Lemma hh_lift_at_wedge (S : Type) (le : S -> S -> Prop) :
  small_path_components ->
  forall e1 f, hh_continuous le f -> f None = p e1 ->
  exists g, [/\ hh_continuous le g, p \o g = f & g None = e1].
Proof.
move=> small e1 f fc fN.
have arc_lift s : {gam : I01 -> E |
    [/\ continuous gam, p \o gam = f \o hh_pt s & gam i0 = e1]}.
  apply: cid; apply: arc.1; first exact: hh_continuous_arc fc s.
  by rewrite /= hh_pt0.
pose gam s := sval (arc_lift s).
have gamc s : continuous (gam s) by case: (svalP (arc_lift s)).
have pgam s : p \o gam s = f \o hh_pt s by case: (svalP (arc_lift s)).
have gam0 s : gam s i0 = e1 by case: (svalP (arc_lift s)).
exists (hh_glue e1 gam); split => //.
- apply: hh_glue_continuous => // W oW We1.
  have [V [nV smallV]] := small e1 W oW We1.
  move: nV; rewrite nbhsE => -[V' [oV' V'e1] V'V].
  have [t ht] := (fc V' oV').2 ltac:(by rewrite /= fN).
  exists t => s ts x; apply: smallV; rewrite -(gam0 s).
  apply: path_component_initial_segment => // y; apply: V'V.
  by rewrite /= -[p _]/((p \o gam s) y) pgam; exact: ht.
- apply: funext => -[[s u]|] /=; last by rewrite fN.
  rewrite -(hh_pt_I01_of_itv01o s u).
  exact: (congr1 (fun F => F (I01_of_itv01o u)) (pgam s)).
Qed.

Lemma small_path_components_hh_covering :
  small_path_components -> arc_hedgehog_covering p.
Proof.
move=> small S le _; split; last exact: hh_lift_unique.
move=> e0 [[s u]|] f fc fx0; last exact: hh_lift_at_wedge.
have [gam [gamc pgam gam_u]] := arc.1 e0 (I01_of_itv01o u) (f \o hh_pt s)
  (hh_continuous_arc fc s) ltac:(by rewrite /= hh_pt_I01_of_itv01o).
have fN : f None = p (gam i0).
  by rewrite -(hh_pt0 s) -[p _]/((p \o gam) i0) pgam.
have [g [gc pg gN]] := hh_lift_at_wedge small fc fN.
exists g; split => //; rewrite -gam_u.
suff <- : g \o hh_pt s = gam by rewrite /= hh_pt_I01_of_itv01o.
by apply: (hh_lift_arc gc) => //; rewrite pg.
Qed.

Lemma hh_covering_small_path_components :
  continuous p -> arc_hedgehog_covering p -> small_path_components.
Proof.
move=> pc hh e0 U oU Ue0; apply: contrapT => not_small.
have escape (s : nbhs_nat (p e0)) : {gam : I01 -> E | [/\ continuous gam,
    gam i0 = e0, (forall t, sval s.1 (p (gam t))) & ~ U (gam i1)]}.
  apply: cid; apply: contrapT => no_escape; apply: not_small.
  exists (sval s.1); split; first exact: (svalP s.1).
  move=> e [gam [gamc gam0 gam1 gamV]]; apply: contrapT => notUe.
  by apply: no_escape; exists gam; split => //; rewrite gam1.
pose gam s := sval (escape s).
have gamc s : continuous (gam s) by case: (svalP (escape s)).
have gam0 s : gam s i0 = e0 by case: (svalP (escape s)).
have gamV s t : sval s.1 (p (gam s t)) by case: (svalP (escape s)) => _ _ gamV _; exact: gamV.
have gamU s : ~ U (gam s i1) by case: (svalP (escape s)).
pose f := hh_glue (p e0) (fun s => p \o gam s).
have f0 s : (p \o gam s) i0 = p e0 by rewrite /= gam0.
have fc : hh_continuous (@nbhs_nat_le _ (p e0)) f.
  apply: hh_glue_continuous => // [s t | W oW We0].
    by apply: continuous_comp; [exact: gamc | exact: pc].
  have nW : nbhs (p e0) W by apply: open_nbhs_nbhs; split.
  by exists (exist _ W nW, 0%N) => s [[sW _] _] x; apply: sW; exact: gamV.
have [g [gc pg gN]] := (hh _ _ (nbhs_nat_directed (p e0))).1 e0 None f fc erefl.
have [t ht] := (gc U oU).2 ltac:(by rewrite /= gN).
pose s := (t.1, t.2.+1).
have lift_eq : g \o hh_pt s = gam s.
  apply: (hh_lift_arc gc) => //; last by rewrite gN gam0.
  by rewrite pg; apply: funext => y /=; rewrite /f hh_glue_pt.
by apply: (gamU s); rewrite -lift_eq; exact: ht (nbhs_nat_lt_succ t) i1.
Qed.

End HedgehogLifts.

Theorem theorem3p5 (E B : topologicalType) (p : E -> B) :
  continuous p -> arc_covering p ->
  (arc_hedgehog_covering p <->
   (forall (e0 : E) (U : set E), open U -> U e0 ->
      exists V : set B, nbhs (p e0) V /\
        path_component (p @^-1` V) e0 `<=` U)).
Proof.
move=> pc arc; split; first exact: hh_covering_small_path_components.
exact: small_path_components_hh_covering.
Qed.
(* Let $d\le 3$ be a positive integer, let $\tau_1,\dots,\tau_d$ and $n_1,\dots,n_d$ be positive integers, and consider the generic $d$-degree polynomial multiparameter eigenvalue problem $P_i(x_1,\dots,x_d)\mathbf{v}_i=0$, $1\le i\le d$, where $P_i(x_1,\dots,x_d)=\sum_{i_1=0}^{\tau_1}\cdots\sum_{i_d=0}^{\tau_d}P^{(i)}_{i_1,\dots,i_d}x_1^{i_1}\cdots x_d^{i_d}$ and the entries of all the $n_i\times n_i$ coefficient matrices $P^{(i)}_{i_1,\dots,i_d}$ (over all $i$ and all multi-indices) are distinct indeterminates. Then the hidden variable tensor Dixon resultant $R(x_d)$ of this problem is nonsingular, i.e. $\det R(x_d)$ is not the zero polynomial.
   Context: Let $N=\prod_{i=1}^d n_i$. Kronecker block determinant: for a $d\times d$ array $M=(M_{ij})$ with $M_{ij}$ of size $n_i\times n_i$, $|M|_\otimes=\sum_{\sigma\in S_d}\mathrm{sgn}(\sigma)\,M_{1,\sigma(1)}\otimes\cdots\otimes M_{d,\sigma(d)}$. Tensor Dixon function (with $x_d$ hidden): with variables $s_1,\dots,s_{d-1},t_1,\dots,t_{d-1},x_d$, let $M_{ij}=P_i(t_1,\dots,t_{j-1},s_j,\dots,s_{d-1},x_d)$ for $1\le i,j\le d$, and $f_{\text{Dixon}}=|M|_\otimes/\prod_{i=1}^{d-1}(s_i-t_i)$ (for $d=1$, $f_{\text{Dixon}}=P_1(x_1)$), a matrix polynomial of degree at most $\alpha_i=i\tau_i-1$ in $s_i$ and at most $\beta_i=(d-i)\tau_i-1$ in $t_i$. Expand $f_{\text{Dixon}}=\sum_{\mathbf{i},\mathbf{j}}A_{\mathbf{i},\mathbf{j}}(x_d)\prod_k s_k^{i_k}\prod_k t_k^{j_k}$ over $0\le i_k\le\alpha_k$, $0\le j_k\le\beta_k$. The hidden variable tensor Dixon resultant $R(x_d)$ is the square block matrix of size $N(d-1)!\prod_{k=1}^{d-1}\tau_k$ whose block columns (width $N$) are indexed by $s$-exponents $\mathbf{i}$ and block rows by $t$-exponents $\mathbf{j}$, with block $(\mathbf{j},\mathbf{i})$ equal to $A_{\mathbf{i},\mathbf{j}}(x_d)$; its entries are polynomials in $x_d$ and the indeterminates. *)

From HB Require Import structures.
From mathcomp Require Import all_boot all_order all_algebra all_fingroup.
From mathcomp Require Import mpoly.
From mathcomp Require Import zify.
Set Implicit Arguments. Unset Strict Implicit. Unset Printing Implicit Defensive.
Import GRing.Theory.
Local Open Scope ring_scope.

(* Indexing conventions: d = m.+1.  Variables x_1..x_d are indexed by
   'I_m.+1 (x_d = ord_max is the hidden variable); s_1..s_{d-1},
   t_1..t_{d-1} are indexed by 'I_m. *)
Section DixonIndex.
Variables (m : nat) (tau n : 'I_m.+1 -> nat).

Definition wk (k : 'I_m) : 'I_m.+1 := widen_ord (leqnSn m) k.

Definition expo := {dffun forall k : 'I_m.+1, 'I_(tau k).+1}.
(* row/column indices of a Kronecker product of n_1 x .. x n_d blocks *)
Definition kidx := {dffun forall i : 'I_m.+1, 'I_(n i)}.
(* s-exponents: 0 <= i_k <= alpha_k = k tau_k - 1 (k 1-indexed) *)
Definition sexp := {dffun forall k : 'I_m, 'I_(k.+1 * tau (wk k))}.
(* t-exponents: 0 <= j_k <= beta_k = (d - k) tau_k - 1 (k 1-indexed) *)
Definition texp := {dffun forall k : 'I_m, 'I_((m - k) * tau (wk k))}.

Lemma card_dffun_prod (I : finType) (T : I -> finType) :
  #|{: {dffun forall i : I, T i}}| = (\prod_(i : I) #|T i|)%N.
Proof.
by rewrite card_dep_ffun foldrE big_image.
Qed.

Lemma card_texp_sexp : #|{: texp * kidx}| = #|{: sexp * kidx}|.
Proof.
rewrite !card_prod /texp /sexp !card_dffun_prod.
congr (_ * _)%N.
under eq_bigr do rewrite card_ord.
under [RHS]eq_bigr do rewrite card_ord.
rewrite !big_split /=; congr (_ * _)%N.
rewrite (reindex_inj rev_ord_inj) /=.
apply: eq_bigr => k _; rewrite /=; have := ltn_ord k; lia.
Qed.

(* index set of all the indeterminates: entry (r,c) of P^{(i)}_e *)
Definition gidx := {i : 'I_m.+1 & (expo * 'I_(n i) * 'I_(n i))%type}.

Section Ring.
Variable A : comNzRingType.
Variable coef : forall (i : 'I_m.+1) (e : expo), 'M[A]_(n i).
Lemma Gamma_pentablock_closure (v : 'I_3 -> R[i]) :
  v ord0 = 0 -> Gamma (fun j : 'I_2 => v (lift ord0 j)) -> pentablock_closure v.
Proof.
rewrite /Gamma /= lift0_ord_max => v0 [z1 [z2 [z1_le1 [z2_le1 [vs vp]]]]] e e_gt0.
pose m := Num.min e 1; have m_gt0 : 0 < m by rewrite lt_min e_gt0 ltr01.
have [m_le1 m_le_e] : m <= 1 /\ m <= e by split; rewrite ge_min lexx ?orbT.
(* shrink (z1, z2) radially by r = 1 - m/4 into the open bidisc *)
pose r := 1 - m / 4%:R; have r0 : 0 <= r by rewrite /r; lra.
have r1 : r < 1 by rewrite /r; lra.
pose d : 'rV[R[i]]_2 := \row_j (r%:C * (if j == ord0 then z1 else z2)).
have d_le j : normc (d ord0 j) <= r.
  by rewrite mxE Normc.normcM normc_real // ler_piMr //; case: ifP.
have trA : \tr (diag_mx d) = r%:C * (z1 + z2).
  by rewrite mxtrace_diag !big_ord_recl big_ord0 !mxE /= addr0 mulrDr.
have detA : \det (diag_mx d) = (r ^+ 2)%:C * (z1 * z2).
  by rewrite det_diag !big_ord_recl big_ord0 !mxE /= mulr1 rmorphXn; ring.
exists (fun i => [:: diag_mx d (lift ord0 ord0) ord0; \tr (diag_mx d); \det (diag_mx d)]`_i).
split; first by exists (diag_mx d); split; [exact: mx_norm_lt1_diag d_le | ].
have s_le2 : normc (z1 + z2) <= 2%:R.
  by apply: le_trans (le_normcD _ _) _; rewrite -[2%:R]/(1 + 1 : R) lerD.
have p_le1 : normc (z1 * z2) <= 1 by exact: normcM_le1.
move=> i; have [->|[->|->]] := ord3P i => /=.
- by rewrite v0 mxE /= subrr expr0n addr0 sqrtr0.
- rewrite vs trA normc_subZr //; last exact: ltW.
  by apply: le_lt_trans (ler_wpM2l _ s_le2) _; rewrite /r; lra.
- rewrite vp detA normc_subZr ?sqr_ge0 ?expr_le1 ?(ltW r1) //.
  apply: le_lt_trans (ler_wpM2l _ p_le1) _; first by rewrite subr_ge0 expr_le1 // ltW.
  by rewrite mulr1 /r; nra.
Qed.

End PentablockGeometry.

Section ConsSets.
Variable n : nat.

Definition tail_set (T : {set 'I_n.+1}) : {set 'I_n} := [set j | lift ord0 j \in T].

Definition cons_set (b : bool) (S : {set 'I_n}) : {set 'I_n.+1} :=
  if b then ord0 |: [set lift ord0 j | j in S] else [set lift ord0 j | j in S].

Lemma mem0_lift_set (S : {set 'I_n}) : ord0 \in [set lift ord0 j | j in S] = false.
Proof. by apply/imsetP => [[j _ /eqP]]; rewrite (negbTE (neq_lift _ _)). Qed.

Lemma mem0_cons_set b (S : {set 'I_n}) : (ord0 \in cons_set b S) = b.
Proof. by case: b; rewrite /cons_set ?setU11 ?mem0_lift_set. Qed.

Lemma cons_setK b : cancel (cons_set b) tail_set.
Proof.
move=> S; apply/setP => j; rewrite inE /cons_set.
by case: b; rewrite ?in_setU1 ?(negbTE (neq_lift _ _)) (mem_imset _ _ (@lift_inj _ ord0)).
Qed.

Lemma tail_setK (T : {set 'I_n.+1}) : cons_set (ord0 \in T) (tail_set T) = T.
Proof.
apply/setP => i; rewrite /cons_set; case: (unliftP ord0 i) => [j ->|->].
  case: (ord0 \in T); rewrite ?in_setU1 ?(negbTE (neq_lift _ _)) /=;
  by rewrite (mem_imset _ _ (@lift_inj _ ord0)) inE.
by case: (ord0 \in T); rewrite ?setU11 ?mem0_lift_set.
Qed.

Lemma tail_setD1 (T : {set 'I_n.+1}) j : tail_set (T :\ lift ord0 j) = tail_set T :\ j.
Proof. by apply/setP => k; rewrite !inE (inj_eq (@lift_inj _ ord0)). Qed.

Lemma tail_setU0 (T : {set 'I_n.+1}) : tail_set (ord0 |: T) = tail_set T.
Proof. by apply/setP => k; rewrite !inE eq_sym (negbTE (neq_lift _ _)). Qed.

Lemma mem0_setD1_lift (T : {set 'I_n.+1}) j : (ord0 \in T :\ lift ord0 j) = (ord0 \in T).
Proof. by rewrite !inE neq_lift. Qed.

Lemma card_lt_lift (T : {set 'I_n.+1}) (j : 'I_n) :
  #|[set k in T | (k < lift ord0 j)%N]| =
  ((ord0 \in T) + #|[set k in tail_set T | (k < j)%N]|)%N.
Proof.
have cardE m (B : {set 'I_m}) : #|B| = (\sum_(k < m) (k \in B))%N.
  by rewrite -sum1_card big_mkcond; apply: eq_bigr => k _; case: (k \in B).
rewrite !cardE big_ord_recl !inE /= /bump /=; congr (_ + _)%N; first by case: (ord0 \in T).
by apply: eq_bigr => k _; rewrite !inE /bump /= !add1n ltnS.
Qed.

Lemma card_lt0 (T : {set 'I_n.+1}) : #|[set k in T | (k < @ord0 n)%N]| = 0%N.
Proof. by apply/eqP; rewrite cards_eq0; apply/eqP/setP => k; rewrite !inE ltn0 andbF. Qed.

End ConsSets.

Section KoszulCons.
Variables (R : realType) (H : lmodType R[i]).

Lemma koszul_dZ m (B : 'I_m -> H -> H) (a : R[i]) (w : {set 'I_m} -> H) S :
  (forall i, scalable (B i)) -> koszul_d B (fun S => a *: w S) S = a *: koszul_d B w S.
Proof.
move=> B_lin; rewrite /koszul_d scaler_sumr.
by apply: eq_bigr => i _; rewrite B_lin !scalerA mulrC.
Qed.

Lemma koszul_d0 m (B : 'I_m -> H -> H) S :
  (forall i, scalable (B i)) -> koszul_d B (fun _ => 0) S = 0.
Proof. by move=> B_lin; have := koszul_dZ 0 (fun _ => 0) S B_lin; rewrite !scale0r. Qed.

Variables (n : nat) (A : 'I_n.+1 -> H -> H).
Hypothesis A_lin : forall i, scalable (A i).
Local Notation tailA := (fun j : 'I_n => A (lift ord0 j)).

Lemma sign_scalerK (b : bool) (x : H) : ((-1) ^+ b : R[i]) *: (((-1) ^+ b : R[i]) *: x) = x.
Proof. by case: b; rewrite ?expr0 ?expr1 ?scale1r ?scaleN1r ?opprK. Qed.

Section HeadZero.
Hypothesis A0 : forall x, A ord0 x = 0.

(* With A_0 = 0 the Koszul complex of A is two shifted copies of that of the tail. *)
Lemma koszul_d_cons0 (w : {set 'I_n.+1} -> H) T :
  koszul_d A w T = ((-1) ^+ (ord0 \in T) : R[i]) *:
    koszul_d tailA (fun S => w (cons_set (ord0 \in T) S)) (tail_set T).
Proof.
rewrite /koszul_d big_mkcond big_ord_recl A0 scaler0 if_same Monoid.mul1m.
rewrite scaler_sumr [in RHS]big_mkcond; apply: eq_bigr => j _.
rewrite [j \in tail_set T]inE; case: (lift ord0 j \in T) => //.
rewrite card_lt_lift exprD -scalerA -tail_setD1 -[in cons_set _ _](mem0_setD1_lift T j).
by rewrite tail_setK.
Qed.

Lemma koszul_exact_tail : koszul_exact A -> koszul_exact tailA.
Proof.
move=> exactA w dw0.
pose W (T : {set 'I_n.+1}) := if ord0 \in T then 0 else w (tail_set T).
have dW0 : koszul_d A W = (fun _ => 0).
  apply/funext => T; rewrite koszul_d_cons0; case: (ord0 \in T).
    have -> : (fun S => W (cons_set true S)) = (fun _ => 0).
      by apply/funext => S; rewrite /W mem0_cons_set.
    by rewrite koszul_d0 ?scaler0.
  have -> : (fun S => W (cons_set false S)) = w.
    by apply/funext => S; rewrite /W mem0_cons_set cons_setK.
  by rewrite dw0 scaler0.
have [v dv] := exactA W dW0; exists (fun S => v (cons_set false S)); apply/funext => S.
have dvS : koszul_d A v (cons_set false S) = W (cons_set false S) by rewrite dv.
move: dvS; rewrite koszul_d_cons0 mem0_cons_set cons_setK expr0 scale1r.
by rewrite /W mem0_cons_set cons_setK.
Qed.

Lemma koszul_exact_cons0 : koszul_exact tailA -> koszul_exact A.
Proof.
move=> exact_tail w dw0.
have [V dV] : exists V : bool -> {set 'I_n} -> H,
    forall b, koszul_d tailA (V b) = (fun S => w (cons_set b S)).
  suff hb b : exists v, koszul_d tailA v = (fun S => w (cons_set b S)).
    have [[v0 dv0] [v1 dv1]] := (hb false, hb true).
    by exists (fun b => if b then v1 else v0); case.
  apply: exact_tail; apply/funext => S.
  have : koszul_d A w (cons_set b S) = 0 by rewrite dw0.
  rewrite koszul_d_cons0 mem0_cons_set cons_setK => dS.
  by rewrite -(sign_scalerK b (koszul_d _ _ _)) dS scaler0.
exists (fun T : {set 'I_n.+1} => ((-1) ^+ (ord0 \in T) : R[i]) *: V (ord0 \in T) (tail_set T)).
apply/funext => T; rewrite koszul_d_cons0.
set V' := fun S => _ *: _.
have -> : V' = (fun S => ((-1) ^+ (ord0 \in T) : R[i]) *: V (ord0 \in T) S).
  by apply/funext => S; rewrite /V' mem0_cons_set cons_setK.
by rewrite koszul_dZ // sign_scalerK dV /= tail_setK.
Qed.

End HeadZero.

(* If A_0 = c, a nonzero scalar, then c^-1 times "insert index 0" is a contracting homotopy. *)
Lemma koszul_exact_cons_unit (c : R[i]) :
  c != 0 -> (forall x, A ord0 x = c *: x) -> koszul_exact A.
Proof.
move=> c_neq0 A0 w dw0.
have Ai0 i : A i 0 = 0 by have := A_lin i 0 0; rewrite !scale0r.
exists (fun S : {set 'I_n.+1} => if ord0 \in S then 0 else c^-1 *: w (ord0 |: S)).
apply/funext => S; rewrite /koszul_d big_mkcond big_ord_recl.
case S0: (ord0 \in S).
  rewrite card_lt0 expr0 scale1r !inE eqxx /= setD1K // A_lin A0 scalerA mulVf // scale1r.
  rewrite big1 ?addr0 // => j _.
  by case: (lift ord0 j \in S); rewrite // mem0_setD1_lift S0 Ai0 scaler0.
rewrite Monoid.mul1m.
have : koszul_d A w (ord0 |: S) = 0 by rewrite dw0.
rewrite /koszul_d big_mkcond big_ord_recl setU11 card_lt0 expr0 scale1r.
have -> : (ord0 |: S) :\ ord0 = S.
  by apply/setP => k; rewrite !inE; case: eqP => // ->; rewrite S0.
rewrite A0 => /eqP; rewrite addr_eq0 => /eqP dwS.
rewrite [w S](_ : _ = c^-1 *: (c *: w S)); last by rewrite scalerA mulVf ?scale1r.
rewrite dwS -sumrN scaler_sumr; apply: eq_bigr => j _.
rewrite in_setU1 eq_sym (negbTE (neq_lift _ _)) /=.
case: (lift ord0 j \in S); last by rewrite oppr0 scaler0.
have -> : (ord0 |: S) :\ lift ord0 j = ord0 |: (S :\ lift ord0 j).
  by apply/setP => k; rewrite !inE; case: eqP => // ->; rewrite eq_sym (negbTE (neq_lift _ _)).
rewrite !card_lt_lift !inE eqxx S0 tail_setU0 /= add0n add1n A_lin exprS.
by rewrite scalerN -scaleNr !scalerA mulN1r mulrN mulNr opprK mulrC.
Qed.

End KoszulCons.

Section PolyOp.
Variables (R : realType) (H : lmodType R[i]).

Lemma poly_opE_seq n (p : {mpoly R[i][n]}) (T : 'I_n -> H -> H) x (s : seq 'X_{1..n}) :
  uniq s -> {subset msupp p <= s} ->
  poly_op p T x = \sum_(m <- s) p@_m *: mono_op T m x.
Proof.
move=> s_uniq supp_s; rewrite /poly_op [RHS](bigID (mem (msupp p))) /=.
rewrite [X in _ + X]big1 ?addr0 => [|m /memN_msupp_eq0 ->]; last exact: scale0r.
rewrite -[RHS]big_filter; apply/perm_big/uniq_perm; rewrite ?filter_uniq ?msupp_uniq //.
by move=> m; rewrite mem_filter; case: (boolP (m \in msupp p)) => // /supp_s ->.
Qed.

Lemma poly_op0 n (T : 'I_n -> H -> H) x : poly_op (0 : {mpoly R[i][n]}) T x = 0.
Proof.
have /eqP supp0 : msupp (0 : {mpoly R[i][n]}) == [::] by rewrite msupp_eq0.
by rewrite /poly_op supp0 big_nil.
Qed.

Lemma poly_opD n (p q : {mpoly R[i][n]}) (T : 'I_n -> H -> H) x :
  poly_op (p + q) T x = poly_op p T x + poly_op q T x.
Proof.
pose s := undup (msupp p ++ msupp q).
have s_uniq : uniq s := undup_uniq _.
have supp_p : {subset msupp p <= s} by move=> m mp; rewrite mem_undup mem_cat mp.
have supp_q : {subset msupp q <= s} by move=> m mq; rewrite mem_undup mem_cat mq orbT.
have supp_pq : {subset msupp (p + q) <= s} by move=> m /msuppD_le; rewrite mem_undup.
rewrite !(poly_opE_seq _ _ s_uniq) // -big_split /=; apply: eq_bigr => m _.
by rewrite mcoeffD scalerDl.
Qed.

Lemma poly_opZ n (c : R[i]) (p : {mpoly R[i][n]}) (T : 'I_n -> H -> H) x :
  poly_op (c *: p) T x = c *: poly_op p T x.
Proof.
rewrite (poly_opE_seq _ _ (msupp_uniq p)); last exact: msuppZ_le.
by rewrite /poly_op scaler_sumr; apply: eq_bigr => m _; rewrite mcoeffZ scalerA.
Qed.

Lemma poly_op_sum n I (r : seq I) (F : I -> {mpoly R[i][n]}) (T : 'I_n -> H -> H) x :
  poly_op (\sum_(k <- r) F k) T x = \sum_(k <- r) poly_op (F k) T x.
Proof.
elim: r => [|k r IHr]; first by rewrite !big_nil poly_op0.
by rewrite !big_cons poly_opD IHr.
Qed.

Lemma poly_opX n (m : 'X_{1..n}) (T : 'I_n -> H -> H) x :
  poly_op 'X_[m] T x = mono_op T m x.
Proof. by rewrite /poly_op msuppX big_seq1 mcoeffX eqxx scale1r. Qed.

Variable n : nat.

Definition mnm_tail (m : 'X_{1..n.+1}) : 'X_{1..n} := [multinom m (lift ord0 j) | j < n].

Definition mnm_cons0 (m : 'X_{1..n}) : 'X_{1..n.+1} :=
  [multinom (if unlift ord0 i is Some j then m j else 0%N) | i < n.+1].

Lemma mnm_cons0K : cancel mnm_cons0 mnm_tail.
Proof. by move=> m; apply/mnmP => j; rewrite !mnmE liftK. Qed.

------------------------------------------------------------

**Assignment:**
Within the entries above, report how many lines contain the word "contrapT"; the figure is all that is wanted.

**Written response:**
3